Concerned Women for America – hardly feminists but lobbyists all the same — estimated ten years ago that in the United States alone pornography accounts for over $100 billion in revenues. With the proliferation of the internet and e-commerce one can only guess at it’s current worth. More so today than a decade ago, the porn industry generates such huge profits that large corporations continue to set moral compunction aside for the thrill that comes with every money-shot they now bankroll and shamelessly distribute. Oui, oui mesdames et messieurs, it is, indeed, a messy business. Enabled by technology and big bucks, multinational corporations have become the institutionalized pimps, peddling nastiness in the guise of “free speech” and “consumer demand” to any paying voyeur who wants to get an eye full.
So, what to do? Picket hotel chains, close them down; tell the cable companies we won’t do business with them even if it means no TV, broadband or mobile phones? Of course, we might consider protesting on the corner of every dope-dealing intersection and kill two birds with one stone perhaps. That’s kind of grass rootsy, isn’t it?

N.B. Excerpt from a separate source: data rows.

Lemma ae_mu_invariant B : invariant_set act B ->
  \forall x \ae m, (B x -> mu x B = 1) /\ (~ B x -> mu x B = 0).
Proof.
move=> iB; have mB := iB.1.
have outB : \forall x \ae m, ~ B x -> mu x B = 0.
  apply: ae_integral_eq0; [exact: measurableC|exact: measurable_mu|by []|].
  by rewrite -mu_integral ?setICr ?measure0 //; exact: invariant_setC.
have inB : \forall x \ae m, B x -> mu x (~` B) = 0.
  apply: ae_integral_eq0; [done|exact/measurable_mu/measurableC|by []|].
  by rewrite -mu_integral ?setICl ?measure0 //; exact: measurableC.
apply: filterS (filterI inB outB) => x [Bx1 Bx0]; split => // Bx.
by have := probability_setC (mu x) (measurableC mB); rewrite setCK Bx1 // sube0.
Qed.

Lemma ae_mu_null N : measurable N -> m N = 0 -> \forall x \ae m, mu x N = 0.
Proof.
move=> mN N0; apply: filterS (ae_integral_eq0 measurableT (measurable_mu mN)
  (fun _ => measure_ge0 _ _) _) => [x /(_ I)//|].
by rewrite -mu_integral ?setIT //; exact: invariant_setT.
Qed.

Variables (X0 : set X) (F : nat -> set X).
Hypothesis measurable_X0 : measurable X0.
Hypothesis X0_full : m (~` X0) = 0.
Hypothesis measurable_F : forall n, measurable (F n).
Hypothesis separating_F : separating X0 F.

Definition cylinder (s : seq bool) : set X :=
  [set z | X0 z /\ forall n, (n < size s)%N -> (F n z <-> nth false s n)].

Definition code k x := mkseq (fun n => `[< F n x >]) k.

Definition cell k x := cylinder (code k x).
Theorem theorem3 (R : realType) (K G eta etab xi c0 : R) (H : R -> R)
  (sigtr : 'M[R]_3) (epstr : R) :
  0 < K -> 0 < G -> 0 < eta -> 0 < etab -> 0 < xi -> 0 < c0 ->
  (forall x, 0 <= x -> 0 <= H x) ->
  (forall x y, 0 <= x -> x <= y -> H x <= H y) ->
  strongly_semismooth_nonneg H ->
  H 0 = 0 ->
  sym3 sigtr -> 0 <= epstr ->
  0 < fyield eta xi c0 sigtr (H epstr) ->
  (* unique positive root of q_tr *)
  (exists dl, 0 < dl /\ qtr K G eta etab xi c0 H sigtr epstr dl = 0 /\
     forall dl', 0 < dl' -> qtr K G eta etab xi c0 H sigtr epstr dl' = 0 -> dl' = dl) /\
  (* (R) has a unique solution *)
  (exists p r e dl, probR K G eta etab xi c0 H sigtr epstr p r e dl /\
     forall p' r' e' dl', probR K G eta etab xi c0 H sigtr epstr p' r' e' dl' ->
       [/\ p' = p, r' = r, e' = e & dl' = dl]) /\
  (* (P) has a unique solution *)
  (exists sigma e dl, probP K G eta etab xi c0 H sigtr epstr sigma e dl /\
     forall sigma' e' dl', probP K G eta etab xi c0 H sigtr epstr sigma' e' dl' ->
       [/\ sigma' = sigma, e' = e & dl' = dl]) /\
  (* (Q) has a unique solution *)
  (exists sigma e dl, probQ K G eta etab xi c0 H sigtr epstr sigma e dl /\
     forall sigma' e' dl', probQ K G eta etab xi c0 H sigtr epstr sigma' e' dl' ->
       [/\ sigma' = sigma, e' = e & dl' = dl]) /\
  (* the two cases, for the solution of (R) *)
  (forall p r e dl, probR K G eta etab xi c0 H sigtr epstr p r e dl ->
     let g0 := rho sigtr / (G * Num.sqrt 2) in
     (qtr K G eta etab xi c0 H sigtr epstr g0 < 0 -> (0 < dl /\ dl < g0) /\ 0 < r) /\
     (0 <= qtr K G eta etab xi c0 H sigtr epstr g0 -> g0 <= dl /\ r = 0)).
Proof.
move=> K_gt0 G_gt0 eta_gt0 etab_gt0 xi_gt0 c0_gt0 H_ge0 H_mono [H_lip _] _ sym_tr.
move=> epstr_ge0 f_gt0; have [dl dl_gt0 q_dl] :=
  qtr_pos_root K_gt0 G_gt0 eta_gt0 etab_gt0 xi_gt0 c0_gt0 epstr_ge0 H_ge0 H_lip f_gt0.
have root_unique :=
  qtr_root_unique K_gt0 G_gt0 eta_gt0 etab_gt0 xi_gt0 epstr_ge0 H_mono dl_gt0 q_dl.
have R_iff := probR_iff K_gt0 G_gt0 eta_gt0 etab_gt0 xi_gt0 epstr_ge0 H_mono dl_gt0 q_dl.
have P_iff := probP_iff K_gt0 G_gt0 eta_gt0 etab_gt0 xi_gt0 epstr_ge0 H_mono sym_tr dl_gt0 q_dl.
have Q_iff sigma e d := probQ_iff_probP K etab G_gt0 sigma e d f_gt0.
have [limit_neg limit_nonneg] :=
  (qtr_neg_at_elastic_limit K_gt0 G_gt0 eta_gt0 etab_gt0 xi_gt0 epstr_ge0 H_mono dl_gt0 q_dl,
   qtr_nonneg_at_elastic_limit K_gt0 G_gt0 eta_gt0 etab_gt0 xi_gt0 epstr_ge0 H_mono dl_gt0 q_dl).
split; first by exists dl; do 2!split=> //; move=> d d_gt0; exact: root_unique (ltW d_gt0).
split.
  exists (pmean sigtr - dl * K * etab), (ppart (rho sigtr - dl * G * Num.sqrt 2)).
  exists (epstr + dl * xi), dl.
  by split=> [|p r e d /R_iff //]; apply/R_iff.
split.
  exists (return_stress sigtr dl (G * Num.sqrt 2) (K * etab)), (epstr + dl * xi), dl.
  by split=> [|sigma e d /P_iff //]; apply/P_iff.
split.
  exists (return_stress sigtr dl (G * Num.sqrt 2) (K * etab)), (epstr + dl * xi), dl.
  by split=> [|sigma e d /Q_iff/P_iff //]; apply/Q_iff/P_iff.
move=> p r e d /R_iff[_ -> _ ->] /=.
by split=> [/limit_neg[dl_lt r_gt0] | /limit_nonneg].
Qed.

Beyond the parochial interests of the Concerned Women for America and their 2002 report, The Porn Ring Around Corporate White Collars: Getting Filthy Rich, there is no mention of other money makers that line the pockets of fat cats many of whom I suspect control substantial banking interests. No guesstimation of the billions of dollars worldwide extracted from the miserable sex slaves who “service” a burgeoning sex tourism trade, for example. No reference to the corporate pimps who profit from Bangladeshi brothels, Bangkok peep-shows, and well-financed global crime syndicates who truly know no borders, no moral boundaries either.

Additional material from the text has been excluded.